Protected Health Information is any information collected from a patient that can be used to identify this person. It’s created, received, transmitted or maintained by different organizations that render healthcare services and payments.
That said, it’s important to define three related terms to better understand this topic — сovered entities, business associates, and Health Insurance Portability and Accountability Act (HIPAA).
A covered entity (CE) is any individual or organization that processes, transmits, and stores PHI. Some examples are hospitals, insurance companies, doctors, nurses, pharmacists, laboratories, call centers, medical equipment providers, social workers, etc.
On the other hand, a business associate (BA) is an individual or company that provides services to a covered entity which, in turn, grants BAs access to PHI. BAs include cloud service providers, billing companies, data storage, firms, and attorneys.
Finally, HIPAA is the law that governs the access, use, and disclosure of PHI in the US. The penalties for breaking these laws depend on the severity of the violation. It is divided into four levels, where tier 1 violations have the lowest fines, while tier 4 have the highest. To learn more, check the article on common HIPAA violations to be aware of.
PHI relates to an individual’s present, past, or future medical records processed, transmitted, and stored in any form or medium. However, PHI does not include education and employment records. Also, the health information of a person deceased more than 50 years ago is not considered as PHI.
HIPAA specifies 18 identifiers considered as PHI. When these identifiers are removed, then the record no longer contains protected health information. Some of the identifiers include: names, locations, age, dates, contacts, and IDs
Here’s the full list of PHI identifiers
To give you an idea, here are some documents that may have PHI:
Clinical notes. These are notes provided by the doctor and contain the preliminary and final diagnosis of the patient. It also contains the name of the doctor and patient.
Email to the doctor’s office. An email to a doctor also contains PHI such as the name of the patient and doctor, clinical diagnosis of the patient, and prescribed drugs that the patient may be taking.
Appointment scheduling note with your doctor’s office. An appointment note to see a doctor usually contains the patient’s name and contact information.
Imaging and test results. X-rays images, CT scans, MRI, and other test results performed in the lab carry the patient’s name and diagnosis.

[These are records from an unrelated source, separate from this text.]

(* If $f,g\in\operatorname{Aut}_{adm}\mathcal M$, then for all $a,b\in\mathbb Z(p)$ with $a\le b<ap^{N_0}$, $$\alpha_{ab0}(fg)=\sum_{c\in\mathbb Z(p)}\alpha_{ac0}(f)\alpha_{cb0}(g),$$ where $fg$ denotes the composition ''first $f$, then $g$'', i.e. $(fg)(x)=g(f(x))$.
   Context: Let $p$ be a prime, $N_0\in\mathbb N$, $k=\mathbb F_{p^{N_0}}$, $K=k((t))$, $\sigma$ Frobenius, $\mathbb Z(p)=\{a\in\mathbb N:p\nmid a\}$. Let $\mathcal M=I(p)^{ab}\otimes\mathbb F_p$, where $I(p)^{ab}$ is the image of the inertia subgroup in the abelianization of the Galois group of the maximal $p$-extension of $K$, and $\mathcal M_k=\mathcal M\otimes_{\mathbb F_p}k$. There is a standard set of free topological generators $\{D_{an}: a\in\mathbb Z(p), n\in\mathbb Z/N_0\mathbb Z\}$ of the $k$-module $\mathcal M_k$ with $(\sigma\otimes\cdot)$-compatibility $D_{an}=(\mathrm{id}\otimes\sigma^n)D_{a0}$ (namely $D_{an}=\sum_r\sigma^n(\alpha_r)\otimes D_a^{(r)}$ for a $\mathbb Z_p$-basis dual pair; concretely, for any $\mathbb F_p$-linear $f$ extended $k$-linearly, $f(D_{a0})=\sum\alpha_{abn}D_{bn}$ implies $f(D_{am})=\sum\sigma^m(\alpha_{abn})D_{b,n+m}$). For a continuous $\mathbb F_p$-linear automorphism $f$ of $\mathcal M$, extended $k$-linearly to $\mathcal M_k$, define $\alpha_{abn}(f)\in k$ by $f(D_{a0})=\sum_{b\in\mathbb Z(p),n\in\mathbb Z/N_0}\alpha_{abn}(f)D_{bn}$, with $\alpha_{abn}(f)=0$ if $p\mid a$ or $p\mid b$. $\operatorname{Aut}_{adm}\mathcal M$ is the set of continuous $\mathbb F_p$-linear automorphisms $f$ of $\mathcal M$ such that $\alpha_{a,b,m\bmod N_0}(f)=0$ whenever $a,b\in\mathbb Z(p)$, $-N_0<m\le0$ and $bp^m<a$. *)

From HB Require Import structures.
From mathcomp Require Import all_boot all_order all_algebra.
Set Implicit Arguments. Unset Strict Implicit. Unset Printing Implicit Defensive.
Import GRing.Theory.
Local Open Scope ring_scope.

Definition Zpr (p : nat) := {a : nat | ~~ (p %| a)%N}.

(* M_k = (completed) free k-module on the D_{an}, a in Z(p), n in Z/N0Z,
   with N0 = N.+1; it is the product  prod_{a,n} k D_{an}  (product topology),
   so an element is its family of coordinates. *)
Definition Mk (p N : nat) (k : Type) := Zpr p -> 'I_N.+1 -> k.

Section Defs.
Variables (p N : nat) (k : fieldType).

Definition basisD (a : Zpr p) (n : 'I_N.+1) : Mk p N k :=
  fun b m => if (val b == val a) && (m == n) then 1 else 0.

Definition frob (x : k) : k := x ^+ p.

(* id (x) sigma on M_k:  D_{an} |-> D_{a,n+1}, sigma-semilinear *)
Definition phi (x : Mk p N k) : Mk p N k :=
  fun b m => frob (x b (m - inord 1)%R).

Definition klinear (F : Mk p N k -> Mk p N k) :=
  forall (c : k) (x y : Mk p N k),
    F (fun a n => c * x a n + y a n) = fun a n => c * F x a n + F y a n.

(* continuity for the product topology (k finite, discrete): each output
   coordinate depends only on finitely many input coordinates *)
Definition Mcontinuous (F : Mk p N k -> Mk p N k) :=
  forall (b : Zpr p) (m : 'I_N.+1), exists S : seq (Zpr p * 'I_N.+1),
    forall x y : Mk p N k,
      (forall i, i \in S -> x i.1 i.2 = y i.1 i.2) -> F x b m = F y b m.

(* F is the k-linear extension f (x) id of a continuous F_p-linear
   automorphism f of M = (M_k)^{id (x) sigma} *)
Definition isAutM (F : Mk p N k -> Mk p N k) :=
  [/\ klinear F, Mcontinuous F, (forall x, F (phi x) = phi (F x)) & bijective F].

(* alpha_{abn}(f):  f(D_{a0}) = sum alpha_{abn} D_{bn}; zero if p|a or p|b *)
Definition alpha (F : Mk p N k -> Mk p N k) (a b : nat) (n : 'I_N.+1) : k :=
  match (insub a : option (Zpr p)), (insub b : option (Zpr p)) with
  | Some a', Some b' => F (basisD a' ord0) b' n
  | _, _ => 0
  end.

(* Aut_adm M : alpha_{a,b,m mod N0} = 0 for -N0 < m <= 0 and b p^m < a;
   written with m = -j, j in {0..N0-1}:  b < a p^j *)
Definition admissible (F : Mk p N k -> Mk p N k) :=
  isAutM F /\
  forall (a b : nat) (j : 'I_N.+1), ~~ (p %| a)%N -> ~~ (p %| b)%N ->
    (b < a * p ^ j)%N -> alpha F a b (- j)%R = 0.

End Defs.

(* By continuity and
   k-linearity, G(F(D_{a0}))_{b0} is the finite sum of the terms
   alpha_{acn}(F) * G(D_{cn})_{b0}, and only those with n = 0 and c <= b survive.
   For n = 0 and c > b, alpha_{cb0}(G) = 0 by admissibility of G.  For n <> 0,
   G commutes with id (x) sigma, so G(D_{cn})_{b0} = sigma^n(alpha_{c,b,-n}(G));
   admissibility of F kills the term when c < a p^(N0-n), that of G when
   b < c p^n, and otherwise b >= c p^n >= a p^N0, which is excluded. *)

From HB Require Import structures.
From mathcomp Require Import all_boot all_order all_algebra.
From Stdlib Require Import FunctionalExtensionality.
Set Implicit Arguments.
Unset Strict Implicit.
Unset Printing Implicit Defensive.
Import GRing.Theory.
Local Open Scope ring_scope.

Section KLinear.
Variables (p N : nat) (k : fieldType) (G : Mk p N k -> Mk p N k).
Hypothesis linG : klinear G.

Lemma klinearP (c : k) (x y z : Mk p N k) :
  (forall a n, z a n = c * x a n + y a n) ->
  forall a n, G z a n = c * G x a n + G y a n.
Proof.
move=> zE a n.
have -> : z = fun a n => c * x a n + y a n.
  by do 2!apply: functional_extensionality => ?; apply: zE.
by rewrite linG.
Qed.

Lemma klinear0 (z : Mk p N k) : (forall a n, z a n = 0) -> forall a n, G z a n = 0.
Proof.
move=> z0 a n.
have : G z a n = 1 * G z a n + G z a n by apply: klinearP => ??; rewrite z0 mulr0 addr0.
by rewrite mul1r -{1}[G z a n]addr0 => /addrI.
Qed.

Lemma klinear_sum (I : Type) (r : seq I) (w : I -> k) (f : I -> Mk p N k) a n :
  G (fun c m => \sum_(i <- r) w i * f i c m) a n = \sum_(i <- r) w i * G (f i) a n.
Proof.
elim: r a n => [|i r IHr] a n.
  by rewrite big_nil klinear0 // => ??; rewrite big_nil.
by rewrite big_cons -IHr; apply: klinearP => ??; rewrite big_cons.
Qed.

End KLinear.

Section Basis.
Variables (p N : nat) (k : fieldType).

Lemma basisDE (a b : Zpr p) (n m : 'I_N.+1) :
  basisD k a n b m = ((b, m) == (a, n))%:R.
Proof. by rewrite /basisD xpair_eqE val_eqE; case: (_ && _). Qed.

Lemma sum_basisD (s : seq (Zpr p * 'I_N.+1)) (w : Zpr p * 'I_N.+1 -> k) c n :
  uniq s ->
  \sum_(i <- s) w i * basisD k i.1 i.2 c n = if (c, n) \in s then w (c, n) else 0.
Proof.
move=> s_uniq; case: ifPn => [cn_s | cn_s].
  rewrite (bigD1_seq (c, n)) //= basisDE eqxx mulr1 big1 ?addr0 // => i.
  by rewrite basisDE -surjective_pairing eq_sym => /negbTE->; rewrite mulr0.
rewrite big1_seq // => i /= i_s; rewrite basisDE -surjective_pairing.
by case: eqP i_s cn_s => [<- ->|] //; rewrite mulr0.
Qed.

End Basis.

Section Continuity.
Variables (p N : nat) (k : fieldType) (G : Mk p N k -> Mk p N k).
Hypotheses (linG : klinear G) (contG : Mcontinuous G).

Lemma Mcontinuous_coord_eq0 (x : Mk p N k) b m :
  (forall c n, x c n * G (basisD k c n) b m = 0) -> G x b m = 0.
Proof.
move=> x0; have [S SG] := contG b m.
pose xS c n := \sum_(i <- undup S) x i.1 i.2 * basisD k i.1 i.2 c n.
rewrite (SG x xS) => [|[c n] cn_S].
  by rewrite klinear_sum // big1 // => -[c n].
by rewrite /xS sum_basisD ?undup_uniq ?mem_undup ?cn_S.
Qed.

Lemma Mcontinuous_expand (s : seq (Zpr p * 'I_N.+1)) (x : Mk p N k) b m :
  uniq s -> (forall c n, (c, n) \notin s -> x c n * G (basisD k c n) b m = 0) ->
  G x b m = \sum_(i <- s) x i.1 i.2 * G (basisD k i.1 i.2) b m.
Proof.
move=> s_uniq out0.
pose xs c n := \sum_(i <- s) x i.1 i.2 * basisD k i.1 i.2 c n.
have -> : G x b m = 1 * G (fun c n => x c n - xs c n) b m + G xs b m.
  by apply: klinearP => // c n; rewrite mul1r subrK.
rewrite Mcontinuous_coord_eq0 ?mulr0 ?add0r => [|c n].
  exact: (klinear_sum linG).
rewrite /xs sum_basisD //; case: ifPn => [_|/out0]; first by rewrite subrr mul0r.
by rewrite subr0.
Qed.

End Continuity.

Section Frobenius.
Variables (p N : nat) (k : fieldType).
Hypothesis p_gt0 : (0 < p)%N.

Lemma frob0 : @frob p k 0 = 0.
Proof. by rewrite /frob expr0n eqn0Ngt p_gt0. Qed.

Lemma iter_frob0 j : iter j (@frob p k) 0 = 0.
Proof. by elim: j => //= j ->; rewrite frob0. Qed.

Lemma phi_basisD (c : Zpr p) (n : 'I_N.+1) :
  phi (basisD k c n) = basisD k c (n + inord 1).
Proof.
do 2!apply: functional_extensionality => ?.
rewrite /phi /basisD subr_eq.
by case: ifP => _; rewrite ?frob0 // /frob expr1n.
Qed.

Lemma val_inord1 : val (inord 1 : 'I_N.+1) = (1 %% N.+1)%N.
Proof. by rewrite /inord val_insubd; case: N. Qed.

Lemma inZpS j : inZp j.+1 = inZp j + inord 1 :> 'I_N.+1.
Proof. by apply: val_inj; rewrite /= modnDml val_inord1 modnDmr addn1. Qed.

Lemma basisD_phi_shift (G : Mk p N k -> Mk p N k) :
  (forall x, G (phi x) = phi (G x)) -> forall (c b : Zpr p) (n m : 'I_N.+1),
  G (basisD k c n) b m = iter n (@frob p k) (G (basisD k c ord0) b (m - n)).
Proof.
move=> Gphi c b n m; rewrite -[n in LHS]valZpK -[n in m - n]valZpK.
elim: (val n) m => [|j IHj] m.
  by rewrite (_ : inZp 0 = ord0) ?subr0 //; apply: val_inj; rewrite /= mod0n.
by rewrite inZpS -phi_basisD Gphi /phi IHj opprD addrA [m - _ - _]addrAC.
Qed.

Lemma val_opp_ord (n : 'I_N.+1) : n != ord0 -> val (- n) = (N.+1 - n)%N.
Proof.
by move=> n_neq0; rewrite /= modn_small // ltn_subrL ltn0Sn andbT lt0n.
Qed.

End Frobenius.

Section Admissible.
Variables (p N : nat) (k : fieldType).
Implicit Types F G : Mk p N k -> Mk p N k.

Lemma alphaE F (a b : Zpr p) n : alpha F (val a) (val b) n = F (basisD k a ord0) b n.
Proof. by rewrite /alpha !valK. Qed.

Lemma alpha_dvdr F a b n : (p %| b)%N -> alpha F a b n = 0.
Proof.
by move=> pb; rewrite /alpha (insubN (Zpr p) (_ : ~~ ~~ (p %| b)%N)) ?negbK //; case: insub.
Qed.

Lemma admissible_alpha0 F a b : admissible F ->
  ~~ (p %| a)%N -> ~~ (p %| b)%N -> (b < a)%N -> alpha F a b ord0 = 0.
Proof.
by case=> _ admF pa pb ba; have := admF a b ord0 pa pb; rewrite oppr0 expn0 muln1; apply.
Qed.

Lemma admissible_comp_coord_eq0 F G (a b c : Zpr p) (n : 'I_N.+1) :
  (0 < p)%N -> admissible F -> admissible G -> (val b < val a * p ^ N.+1)%N ->
  ~~ ((n == ord0) && (val c <= val b)%N) ->
  F (basisD k a ord0) c n * G (basisD k c n) b ord0 = 0.
Proof.
move=> p_gt0 admF admG b_lt; have [[_ _ Gphi _] admG'] := admG.
have [-> /= c_gt | n_neq0 _] := eqVneq n ord0.
  by rewrite -(alphaE G) admissible_alpha0 ?mulr0 ?(valP c) ?(valP b) // ltnNge.
have [c_lt | c_ge] := ltnP (val c) (val a * p ^ val (- n)).
  by rewrite -(alphaE F) -[n]opprK admF.2 ?mul0r ?(valP a) ?(valP c).
have [b_lt' | b_ge] := ltnP (val b) (val c * p ^ n).
  rewrite (basisD_phi_shift p_gt0 Gphi) sub0r -(alphaE G) admG' ?(valP c) ?(valP b) //.
  by rewrite iter_frob0 ?mulr0.
have : (val a * p ^ N.+1 <= val b)%N.
  rewrite -(subnK (ltnW (ltn_ord n))) expnD mulnA -val_opp_ord //.
  exact: leq_trans (leq_mul c_ge (leqnn _)) b_ge.
by rewrite leqNgt b_lt.
Qed.

End Admissible.

Theorem proposition2p2 (p N : nat) (k : finFieldType)
    (F G : Mk p N k -> Mk p N k) :
  prime p -> p \in [pchar k] -> #|k| = (p ^ N.+1)%N ->
  admissible F -> admissible G ->
  forall a b : nat, ~~ (p %| a)%N -> ~~ (p %| b)%N ->
    (a <= b)%N -> (b < a * p ^ N.+1)%N ->
    exists n0 : nat,
      (forall c : nat, (n0 <= c)%N -> alpha F a c ord0 * alpha G c b ord0 = 0) /\
      alpha (G \o F) a b ord0 =
        \sum_(c < n0 | ~~ (p %| c)%N) alpha F a c ord0 * alpha G c b ord0.
Proof.
move=> p_prime _ _ admF admG a b pa pb _ b_lt; have p_gt0 := prime_gt0 p_prime.
exists b.+1; split=> [c c_gt | ].
  have [pc | pc] := boolP (p %| c)%N; first by rewrite alpha_dvdr ?mul0r.
  by rewrite (admissible_alpha0 admG) ?mulr0.
have [[linG contG _ _] _] := admG.
pose s := [seq (c, ord0 : 'I_N.+1) | c <- pmap insub (iota 0 b.+1) : seq (Zpr p)].
have s_uniq : uniq s.
  by rewrite map_inj_uniq ?pmap_sub_uniq ?iota_uniq // => c d [].
rewrite (alphaE (G \o F) (Sub a pa) (Sub b pb)) /=.
rewrite (Mcontinuous_expand linG contG (s := s)) // => [|c n cn_s]; last first.
  apply: admissible_comp_coord_eq0 => //; apply: contra cn_s => /andP[/eqP-> c_le].
  by apply: map_f; rewrite mem_pmap_sub mem_iota.
rewrite big_map big_pmap.
rewrite -(big_mkord (fun c => ~~ (p %| c)%N) (fun c => alpha F a c ord0 * alpha G c b ord0)).
rewrite [RHS]big_mkcond /index_iota subn0.
apply: eq_bigr => c _; case: insubP => [c' _ <- | /negPf-> //] /=.
by rewrite (valP c') -!alphaE.
Qed.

When and how can PHI be disclosed?
The HIPAA Privacy Rule is the main regulation that governs the use of PHI. It also provides information on when and how PHI can be disclosed. Normally, it happens when the patient agrees to it. However, when the person does not provide consent, PHI use and disclosure are allowed:
For treatment purposes. For example, when the PHI is required by another doctor to treat the patient
If it is required by law. For example, where the patient is involved in a criminal offence
For public health purposes. For example, in case the patient has an infectious disease that could be a threat to a large part of the population.
However, even in these circumstances, the disclosure of PHI must follow the Minimum Necessary Rule. This rule states that the covered entities are allowed to disclose only the minimum necessary information. The exception is when the doctor needs full access to the patient’s medical history to provide treatment in a healthcare setting.
How to secure PHI to stay HIPAA-compliant
Covered entities and their business associates need to meet a set of requirements and perform all risk assessments to stay HIPAA-compliant and secure PHI.
Regularly perform HIPAA risk assessments
Companies that deal with PHI should frequently carry out risk assessments to detect vulnerabilities in their systems. Here is what the Health & Human Services (HHS) suggest organizations should be doing:
- Identifying where PHI is stored, received, maintained or transmitted
- Detecting and registering vulnerabilities and potential threats
- Ensuring that the security measures put in place to protect PHI are used properly and up to date
- Assigning risk levels for vulnerability, determining the possibility of a threat, and the impact of a PHI breach.
- Documenting the results of the assessment to make changes and take action where necessary
Implement technical safeguards
This refers to all the technology used to protect and encrypt PHI. Here are the technical safeguards that companies can implement to ensure that their data is secure:
Ensure that access to PHI is limited. This can be done by providing a unique ID and password to each user. So, if there is a violation, it can be easily traced back to a specific user.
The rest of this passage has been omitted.